Records for this exercise below:

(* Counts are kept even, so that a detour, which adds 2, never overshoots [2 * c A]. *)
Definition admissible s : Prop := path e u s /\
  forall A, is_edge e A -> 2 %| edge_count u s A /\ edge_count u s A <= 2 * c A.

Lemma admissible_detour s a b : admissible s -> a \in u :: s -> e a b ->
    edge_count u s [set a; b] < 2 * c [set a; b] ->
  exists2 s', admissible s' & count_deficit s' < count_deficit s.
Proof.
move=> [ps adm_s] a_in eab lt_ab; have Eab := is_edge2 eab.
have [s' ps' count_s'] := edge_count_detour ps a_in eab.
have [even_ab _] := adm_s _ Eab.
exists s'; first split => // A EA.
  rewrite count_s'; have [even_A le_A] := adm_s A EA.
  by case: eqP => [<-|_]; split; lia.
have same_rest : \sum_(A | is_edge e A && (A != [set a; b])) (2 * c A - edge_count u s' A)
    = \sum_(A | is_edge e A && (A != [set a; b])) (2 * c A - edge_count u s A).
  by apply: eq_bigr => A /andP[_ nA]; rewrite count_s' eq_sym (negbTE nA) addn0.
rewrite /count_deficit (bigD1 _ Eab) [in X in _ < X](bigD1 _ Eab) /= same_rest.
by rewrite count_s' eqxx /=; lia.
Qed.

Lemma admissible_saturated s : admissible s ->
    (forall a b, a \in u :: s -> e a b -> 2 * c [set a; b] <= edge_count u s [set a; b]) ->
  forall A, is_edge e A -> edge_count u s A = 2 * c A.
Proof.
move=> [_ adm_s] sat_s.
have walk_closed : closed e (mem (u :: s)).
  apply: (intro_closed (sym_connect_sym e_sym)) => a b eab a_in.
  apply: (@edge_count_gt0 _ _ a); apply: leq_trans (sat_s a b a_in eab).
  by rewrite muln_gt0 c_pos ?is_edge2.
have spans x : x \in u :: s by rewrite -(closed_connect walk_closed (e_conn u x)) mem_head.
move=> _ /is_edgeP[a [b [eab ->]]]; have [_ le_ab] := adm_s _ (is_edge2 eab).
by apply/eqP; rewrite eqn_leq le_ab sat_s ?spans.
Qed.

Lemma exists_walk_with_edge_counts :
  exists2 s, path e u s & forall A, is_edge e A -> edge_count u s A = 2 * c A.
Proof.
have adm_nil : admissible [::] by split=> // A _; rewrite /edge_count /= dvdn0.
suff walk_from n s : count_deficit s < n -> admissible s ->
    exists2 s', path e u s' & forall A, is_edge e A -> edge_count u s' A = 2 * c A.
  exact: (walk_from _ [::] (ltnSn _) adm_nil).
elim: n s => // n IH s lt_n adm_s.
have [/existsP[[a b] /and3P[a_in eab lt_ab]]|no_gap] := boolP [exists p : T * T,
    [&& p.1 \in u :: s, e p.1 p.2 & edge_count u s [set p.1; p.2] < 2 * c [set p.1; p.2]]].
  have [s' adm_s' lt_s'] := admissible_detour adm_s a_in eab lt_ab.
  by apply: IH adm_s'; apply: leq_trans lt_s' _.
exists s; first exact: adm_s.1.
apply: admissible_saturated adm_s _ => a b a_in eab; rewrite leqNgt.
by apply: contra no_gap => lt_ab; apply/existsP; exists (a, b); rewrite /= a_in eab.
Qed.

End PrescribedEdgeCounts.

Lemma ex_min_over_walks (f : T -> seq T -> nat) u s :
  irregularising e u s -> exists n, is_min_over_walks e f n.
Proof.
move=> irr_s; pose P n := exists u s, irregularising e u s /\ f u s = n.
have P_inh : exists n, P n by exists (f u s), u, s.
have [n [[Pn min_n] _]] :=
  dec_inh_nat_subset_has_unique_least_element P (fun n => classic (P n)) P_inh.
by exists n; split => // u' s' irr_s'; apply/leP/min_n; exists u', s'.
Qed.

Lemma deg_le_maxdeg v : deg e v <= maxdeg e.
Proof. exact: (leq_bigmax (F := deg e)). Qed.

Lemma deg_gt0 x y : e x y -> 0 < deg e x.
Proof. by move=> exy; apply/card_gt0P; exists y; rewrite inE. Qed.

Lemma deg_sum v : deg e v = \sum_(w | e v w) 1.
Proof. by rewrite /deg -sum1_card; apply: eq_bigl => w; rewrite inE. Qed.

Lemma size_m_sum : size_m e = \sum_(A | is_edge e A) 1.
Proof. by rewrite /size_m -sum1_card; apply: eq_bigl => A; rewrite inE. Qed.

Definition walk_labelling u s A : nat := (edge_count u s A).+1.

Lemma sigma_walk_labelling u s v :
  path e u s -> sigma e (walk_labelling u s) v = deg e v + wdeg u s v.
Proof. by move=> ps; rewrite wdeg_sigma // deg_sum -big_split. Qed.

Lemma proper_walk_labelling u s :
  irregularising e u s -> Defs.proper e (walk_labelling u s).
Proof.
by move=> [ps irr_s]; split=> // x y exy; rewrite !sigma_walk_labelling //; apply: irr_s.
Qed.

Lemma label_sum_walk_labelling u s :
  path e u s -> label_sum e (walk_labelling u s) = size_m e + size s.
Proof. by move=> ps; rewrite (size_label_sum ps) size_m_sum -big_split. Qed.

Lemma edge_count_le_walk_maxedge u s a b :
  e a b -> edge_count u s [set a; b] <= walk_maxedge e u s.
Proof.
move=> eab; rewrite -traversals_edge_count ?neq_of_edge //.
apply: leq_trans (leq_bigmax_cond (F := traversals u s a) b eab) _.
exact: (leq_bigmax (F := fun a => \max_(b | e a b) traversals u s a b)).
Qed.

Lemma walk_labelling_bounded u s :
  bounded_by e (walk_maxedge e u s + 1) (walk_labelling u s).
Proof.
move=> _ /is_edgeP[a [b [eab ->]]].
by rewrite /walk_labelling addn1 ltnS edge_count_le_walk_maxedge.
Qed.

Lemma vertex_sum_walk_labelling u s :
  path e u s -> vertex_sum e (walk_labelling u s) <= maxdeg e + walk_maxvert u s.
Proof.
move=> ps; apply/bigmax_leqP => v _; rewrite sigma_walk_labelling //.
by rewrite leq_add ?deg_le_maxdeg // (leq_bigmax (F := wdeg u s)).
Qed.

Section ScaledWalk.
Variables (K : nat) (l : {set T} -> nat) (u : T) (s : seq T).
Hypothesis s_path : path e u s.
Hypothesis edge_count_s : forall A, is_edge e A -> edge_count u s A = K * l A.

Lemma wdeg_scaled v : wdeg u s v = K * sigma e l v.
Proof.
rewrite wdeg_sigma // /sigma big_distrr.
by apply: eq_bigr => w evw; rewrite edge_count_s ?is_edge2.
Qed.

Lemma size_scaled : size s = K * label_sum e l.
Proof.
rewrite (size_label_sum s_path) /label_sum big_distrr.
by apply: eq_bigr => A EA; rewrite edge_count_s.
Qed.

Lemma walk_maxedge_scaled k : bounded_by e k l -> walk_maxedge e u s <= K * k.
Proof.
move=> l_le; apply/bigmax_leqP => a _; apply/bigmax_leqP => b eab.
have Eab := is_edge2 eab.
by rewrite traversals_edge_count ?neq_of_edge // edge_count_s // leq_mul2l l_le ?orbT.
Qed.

End of Records for this exercise.
Records for this exercise below:

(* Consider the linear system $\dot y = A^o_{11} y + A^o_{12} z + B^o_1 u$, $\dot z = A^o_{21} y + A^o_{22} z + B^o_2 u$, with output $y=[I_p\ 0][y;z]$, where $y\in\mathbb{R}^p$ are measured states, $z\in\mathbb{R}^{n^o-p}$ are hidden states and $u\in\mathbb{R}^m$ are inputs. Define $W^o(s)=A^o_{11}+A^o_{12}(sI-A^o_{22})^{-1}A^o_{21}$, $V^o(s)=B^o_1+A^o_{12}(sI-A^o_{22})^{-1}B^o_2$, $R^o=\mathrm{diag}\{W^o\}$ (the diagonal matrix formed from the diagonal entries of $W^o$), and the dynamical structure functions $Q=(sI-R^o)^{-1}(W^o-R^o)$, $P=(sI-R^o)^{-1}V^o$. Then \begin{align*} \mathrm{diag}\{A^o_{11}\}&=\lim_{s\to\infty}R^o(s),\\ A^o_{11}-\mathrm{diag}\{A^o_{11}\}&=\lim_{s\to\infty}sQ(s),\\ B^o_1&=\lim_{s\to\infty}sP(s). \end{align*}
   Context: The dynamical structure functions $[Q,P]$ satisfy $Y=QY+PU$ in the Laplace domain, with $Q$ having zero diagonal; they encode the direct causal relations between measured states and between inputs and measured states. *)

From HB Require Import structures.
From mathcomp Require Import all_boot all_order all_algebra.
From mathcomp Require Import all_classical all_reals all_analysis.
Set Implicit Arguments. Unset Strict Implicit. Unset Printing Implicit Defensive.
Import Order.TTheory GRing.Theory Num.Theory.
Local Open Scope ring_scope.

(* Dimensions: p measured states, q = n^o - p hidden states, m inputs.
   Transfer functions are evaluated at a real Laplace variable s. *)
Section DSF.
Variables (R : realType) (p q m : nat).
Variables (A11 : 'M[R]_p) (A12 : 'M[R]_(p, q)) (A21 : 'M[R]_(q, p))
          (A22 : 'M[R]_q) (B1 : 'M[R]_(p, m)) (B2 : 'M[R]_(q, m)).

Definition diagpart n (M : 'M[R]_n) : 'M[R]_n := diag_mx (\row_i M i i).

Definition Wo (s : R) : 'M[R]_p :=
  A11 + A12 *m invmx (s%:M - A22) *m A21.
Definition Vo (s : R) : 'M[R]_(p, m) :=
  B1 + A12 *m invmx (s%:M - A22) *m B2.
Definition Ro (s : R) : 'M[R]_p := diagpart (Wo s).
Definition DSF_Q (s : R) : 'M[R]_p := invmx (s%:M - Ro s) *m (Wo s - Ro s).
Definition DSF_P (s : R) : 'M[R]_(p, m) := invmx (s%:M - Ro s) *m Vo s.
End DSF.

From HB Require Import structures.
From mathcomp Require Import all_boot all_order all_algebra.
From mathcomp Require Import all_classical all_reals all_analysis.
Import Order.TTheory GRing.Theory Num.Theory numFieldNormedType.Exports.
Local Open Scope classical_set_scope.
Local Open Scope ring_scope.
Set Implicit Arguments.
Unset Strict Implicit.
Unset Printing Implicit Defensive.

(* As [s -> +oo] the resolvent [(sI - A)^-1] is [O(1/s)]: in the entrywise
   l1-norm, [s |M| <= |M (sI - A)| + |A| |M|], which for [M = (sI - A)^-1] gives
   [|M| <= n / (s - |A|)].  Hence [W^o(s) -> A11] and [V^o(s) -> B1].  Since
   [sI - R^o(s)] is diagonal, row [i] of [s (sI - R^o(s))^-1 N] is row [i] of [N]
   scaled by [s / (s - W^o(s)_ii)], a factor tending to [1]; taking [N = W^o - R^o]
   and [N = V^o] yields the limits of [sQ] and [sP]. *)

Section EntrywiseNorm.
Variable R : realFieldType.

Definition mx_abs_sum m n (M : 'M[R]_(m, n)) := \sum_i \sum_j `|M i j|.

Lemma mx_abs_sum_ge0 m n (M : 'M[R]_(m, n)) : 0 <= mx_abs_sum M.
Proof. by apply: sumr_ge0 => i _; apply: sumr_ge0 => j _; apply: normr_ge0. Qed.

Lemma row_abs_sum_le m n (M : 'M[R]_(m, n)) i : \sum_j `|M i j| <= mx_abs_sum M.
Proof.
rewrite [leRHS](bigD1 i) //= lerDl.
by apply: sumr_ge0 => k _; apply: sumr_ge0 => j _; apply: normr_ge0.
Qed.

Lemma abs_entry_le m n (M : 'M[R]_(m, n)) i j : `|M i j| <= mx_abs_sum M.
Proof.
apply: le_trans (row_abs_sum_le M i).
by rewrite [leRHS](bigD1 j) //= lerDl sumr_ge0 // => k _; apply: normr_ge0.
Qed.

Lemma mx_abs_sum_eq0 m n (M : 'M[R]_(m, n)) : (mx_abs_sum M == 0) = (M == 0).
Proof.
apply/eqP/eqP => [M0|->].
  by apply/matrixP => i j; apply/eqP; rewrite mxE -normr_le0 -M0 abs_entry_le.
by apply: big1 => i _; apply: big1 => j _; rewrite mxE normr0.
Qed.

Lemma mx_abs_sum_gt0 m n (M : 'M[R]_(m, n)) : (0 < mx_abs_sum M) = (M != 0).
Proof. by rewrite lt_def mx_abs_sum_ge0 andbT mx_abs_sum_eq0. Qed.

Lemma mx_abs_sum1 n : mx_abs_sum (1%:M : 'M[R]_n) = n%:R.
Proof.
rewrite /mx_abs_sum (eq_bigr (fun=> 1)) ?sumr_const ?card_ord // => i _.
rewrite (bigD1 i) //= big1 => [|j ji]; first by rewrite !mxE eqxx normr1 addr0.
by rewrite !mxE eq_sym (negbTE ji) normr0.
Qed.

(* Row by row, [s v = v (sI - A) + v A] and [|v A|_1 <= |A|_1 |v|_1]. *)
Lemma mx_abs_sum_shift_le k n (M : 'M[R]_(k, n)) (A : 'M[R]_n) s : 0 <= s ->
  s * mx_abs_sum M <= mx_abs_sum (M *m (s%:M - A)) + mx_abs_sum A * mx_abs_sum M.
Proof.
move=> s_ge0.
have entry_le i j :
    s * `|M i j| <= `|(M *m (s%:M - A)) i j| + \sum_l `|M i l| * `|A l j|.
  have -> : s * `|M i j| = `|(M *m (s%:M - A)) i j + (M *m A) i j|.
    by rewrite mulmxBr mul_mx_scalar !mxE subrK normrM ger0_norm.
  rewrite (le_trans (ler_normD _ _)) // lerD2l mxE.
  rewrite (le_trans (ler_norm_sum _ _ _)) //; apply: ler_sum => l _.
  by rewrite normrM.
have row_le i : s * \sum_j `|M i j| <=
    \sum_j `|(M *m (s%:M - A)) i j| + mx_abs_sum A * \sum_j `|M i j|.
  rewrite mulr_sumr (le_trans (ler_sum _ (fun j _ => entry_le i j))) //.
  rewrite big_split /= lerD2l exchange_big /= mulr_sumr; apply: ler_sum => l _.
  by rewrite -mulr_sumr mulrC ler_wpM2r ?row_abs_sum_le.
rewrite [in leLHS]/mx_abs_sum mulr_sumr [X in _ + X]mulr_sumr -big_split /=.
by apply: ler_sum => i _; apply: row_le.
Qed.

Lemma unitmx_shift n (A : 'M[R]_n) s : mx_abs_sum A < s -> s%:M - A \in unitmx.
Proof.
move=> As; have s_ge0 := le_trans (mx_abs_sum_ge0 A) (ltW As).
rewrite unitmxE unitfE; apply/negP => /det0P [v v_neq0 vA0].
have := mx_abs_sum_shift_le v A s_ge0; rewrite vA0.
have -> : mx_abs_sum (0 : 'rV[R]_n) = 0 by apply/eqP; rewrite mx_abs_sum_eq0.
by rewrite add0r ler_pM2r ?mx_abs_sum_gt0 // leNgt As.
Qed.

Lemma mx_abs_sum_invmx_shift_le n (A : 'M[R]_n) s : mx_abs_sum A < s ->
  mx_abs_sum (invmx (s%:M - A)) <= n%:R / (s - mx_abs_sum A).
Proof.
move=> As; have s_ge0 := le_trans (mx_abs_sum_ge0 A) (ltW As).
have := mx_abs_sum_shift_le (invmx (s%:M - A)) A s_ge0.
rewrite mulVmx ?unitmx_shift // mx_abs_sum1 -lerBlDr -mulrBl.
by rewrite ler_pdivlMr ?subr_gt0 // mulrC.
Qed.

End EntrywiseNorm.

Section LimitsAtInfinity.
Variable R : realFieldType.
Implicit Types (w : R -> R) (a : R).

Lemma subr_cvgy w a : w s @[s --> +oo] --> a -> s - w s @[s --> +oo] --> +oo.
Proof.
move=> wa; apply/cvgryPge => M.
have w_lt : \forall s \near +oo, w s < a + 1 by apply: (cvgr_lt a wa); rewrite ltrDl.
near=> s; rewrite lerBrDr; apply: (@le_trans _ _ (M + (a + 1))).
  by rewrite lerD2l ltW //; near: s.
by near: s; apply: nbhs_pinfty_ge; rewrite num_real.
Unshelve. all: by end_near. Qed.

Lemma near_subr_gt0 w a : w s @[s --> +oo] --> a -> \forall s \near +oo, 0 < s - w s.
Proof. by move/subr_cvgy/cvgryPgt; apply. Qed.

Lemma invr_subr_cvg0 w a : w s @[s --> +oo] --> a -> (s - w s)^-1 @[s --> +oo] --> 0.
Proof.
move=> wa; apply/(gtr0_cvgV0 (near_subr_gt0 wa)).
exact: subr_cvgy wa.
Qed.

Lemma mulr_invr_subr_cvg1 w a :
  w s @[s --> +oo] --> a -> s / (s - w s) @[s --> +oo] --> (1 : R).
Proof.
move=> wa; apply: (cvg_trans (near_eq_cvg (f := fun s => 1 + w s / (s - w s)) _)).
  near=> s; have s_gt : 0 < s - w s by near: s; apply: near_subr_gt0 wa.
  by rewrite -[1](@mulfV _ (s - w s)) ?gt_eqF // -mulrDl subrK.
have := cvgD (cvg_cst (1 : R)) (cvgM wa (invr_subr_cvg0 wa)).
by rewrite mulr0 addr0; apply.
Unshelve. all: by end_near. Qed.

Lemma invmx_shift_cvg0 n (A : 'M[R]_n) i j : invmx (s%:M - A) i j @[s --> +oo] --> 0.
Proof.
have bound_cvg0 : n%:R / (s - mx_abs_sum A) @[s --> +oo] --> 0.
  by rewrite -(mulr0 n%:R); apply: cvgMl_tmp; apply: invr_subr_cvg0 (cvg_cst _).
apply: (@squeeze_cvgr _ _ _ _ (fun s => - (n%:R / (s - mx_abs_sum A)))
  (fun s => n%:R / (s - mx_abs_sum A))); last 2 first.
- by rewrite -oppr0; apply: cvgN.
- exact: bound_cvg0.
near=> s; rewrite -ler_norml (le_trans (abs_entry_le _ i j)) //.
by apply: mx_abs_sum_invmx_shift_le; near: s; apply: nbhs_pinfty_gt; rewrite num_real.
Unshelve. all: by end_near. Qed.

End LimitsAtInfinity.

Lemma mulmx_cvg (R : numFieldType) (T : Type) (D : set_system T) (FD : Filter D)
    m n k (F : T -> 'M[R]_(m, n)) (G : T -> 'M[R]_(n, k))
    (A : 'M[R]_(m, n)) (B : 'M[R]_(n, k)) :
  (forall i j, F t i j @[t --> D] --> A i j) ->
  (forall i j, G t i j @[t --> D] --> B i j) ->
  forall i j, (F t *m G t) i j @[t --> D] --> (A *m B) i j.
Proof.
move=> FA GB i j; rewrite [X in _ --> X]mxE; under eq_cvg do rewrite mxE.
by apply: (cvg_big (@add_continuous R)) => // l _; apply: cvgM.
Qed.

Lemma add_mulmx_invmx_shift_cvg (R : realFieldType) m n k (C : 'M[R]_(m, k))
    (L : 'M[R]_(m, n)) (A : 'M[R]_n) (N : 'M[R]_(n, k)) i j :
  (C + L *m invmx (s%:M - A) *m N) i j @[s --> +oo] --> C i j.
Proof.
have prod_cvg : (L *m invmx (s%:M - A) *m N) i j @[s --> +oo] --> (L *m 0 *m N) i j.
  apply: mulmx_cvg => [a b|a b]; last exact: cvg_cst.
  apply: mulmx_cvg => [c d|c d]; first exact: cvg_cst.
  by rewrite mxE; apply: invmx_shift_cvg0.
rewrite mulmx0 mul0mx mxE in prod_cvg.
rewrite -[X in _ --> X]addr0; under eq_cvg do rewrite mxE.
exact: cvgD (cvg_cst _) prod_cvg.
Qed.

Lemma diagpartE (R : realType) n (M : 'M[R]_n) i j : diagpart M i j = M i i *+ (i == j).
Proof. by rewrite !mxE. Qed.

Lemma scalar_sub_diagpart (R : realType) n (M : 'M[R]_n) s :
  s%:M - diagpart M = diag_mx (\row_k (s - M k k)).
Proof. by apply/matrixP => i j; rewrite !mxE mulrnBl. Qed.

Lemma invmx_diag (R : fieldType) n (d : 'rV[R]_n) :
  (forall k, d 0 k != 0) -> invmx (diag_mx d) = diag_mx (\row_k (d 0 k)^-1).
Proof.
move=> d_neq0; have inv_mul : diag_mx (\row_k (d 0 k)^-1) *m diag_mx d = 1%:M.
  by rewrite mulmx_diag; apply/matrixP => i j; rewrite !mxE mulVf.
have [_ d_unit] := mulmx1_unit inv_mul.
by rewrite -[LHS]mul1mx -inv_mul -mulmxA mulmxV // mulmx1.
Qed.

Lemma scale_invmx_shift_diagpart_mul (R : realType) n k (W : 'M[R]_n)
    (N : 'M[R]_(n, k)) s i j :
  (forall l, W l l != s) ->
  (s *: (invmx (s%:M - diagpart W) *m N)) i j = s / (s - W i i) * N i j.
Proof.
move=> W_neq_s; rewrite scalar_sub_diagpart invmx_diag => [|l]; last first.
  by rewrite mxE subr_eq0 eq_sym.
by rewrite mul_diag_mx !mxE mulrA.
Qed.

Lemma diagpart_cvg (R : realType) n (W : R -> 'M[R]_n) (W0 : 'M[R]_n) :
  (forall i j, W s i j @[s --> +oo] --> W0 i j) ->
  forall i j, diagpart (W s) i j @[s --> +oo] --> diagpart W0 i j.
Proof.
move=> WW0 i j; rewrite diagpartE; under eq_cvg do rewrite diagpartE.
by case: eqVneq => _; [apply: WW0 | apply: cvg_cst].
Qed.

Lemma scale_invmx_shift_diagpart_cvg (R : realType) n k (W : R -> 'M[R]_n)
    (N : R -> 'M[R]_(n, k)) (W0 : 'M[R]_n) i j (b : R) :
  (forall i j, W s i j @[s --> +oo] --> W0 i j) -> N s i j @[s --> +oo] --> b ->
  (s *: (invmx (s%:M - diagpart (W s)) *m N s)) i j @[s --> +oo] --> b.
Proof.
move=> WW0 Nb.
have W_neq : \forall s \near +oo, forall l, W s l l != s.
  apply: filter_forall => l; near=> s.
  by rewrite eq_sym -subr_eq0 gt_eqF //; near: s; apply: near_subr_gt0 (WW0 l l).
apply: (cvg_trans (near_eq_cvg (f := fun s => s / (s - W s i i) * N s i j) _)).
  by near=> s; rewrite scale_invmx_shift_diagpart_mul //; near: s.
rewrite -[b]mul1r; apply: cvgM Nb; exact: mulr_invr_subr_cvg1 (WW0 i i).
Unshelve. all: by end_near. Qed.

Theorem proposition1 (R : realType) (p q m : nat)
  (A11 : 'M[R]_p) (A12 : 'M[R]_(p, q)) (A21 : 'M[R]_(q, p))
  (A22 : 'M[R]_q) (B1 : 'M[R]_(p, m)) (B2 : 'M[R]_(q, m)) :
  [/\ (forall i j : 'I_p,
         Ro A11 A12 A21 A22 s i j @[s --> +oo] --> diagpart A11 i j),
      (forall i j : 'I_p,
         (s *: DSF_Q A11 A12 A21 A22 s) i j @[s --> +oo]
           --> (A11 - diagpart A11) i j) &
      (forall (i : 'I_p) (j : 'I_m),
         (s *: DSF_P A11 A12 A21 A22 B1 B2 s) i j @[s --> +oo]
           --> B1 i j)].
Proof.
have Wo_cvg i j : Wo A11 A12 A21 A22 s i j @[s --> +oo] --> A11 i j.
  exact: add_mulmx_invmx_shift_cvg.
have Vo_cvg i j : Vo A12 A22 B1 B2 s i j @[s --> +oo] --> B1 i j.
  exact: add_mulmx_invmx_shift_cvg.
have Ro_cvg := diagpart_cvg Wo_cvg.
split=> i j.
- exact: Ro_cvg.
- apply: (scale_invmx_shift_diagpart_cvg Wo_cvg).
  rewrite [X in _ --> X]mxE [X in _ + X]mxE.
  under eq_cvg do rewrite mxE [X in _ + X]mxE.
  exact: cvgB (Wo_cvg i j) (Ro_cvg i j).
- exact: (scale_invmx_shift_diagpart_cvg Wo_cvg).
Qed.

End of Records for this exercise.

### Task to complete
Scan the entries above for the line containing "(* Counts are", and copy it and all lines after it exactly, down to and including the line containing "move=> [ps adm_s]".

### Answer box
(* Counts are kept even, so that a detour, which adds 2, never overshoots [2 * c A]. *)
Definition admissible s : Prop := path e u s /\
  forall A, is_edge e A -> 2 %| edge_count u s A /\ edge_count u s A <= 2 * c A.

Lemma admissible_detour s a b : admissible s -> a \in u :: s -> e a b ->
    edge_count u s [set a; b] < 2 * c [set a; b] ->
  exists2 s', admissible s' & count_deficit s' < count_deficit s.
Proof.
move=> [ps adm_s] a_in eab lt_ab; have Eab := is_edge2 eab.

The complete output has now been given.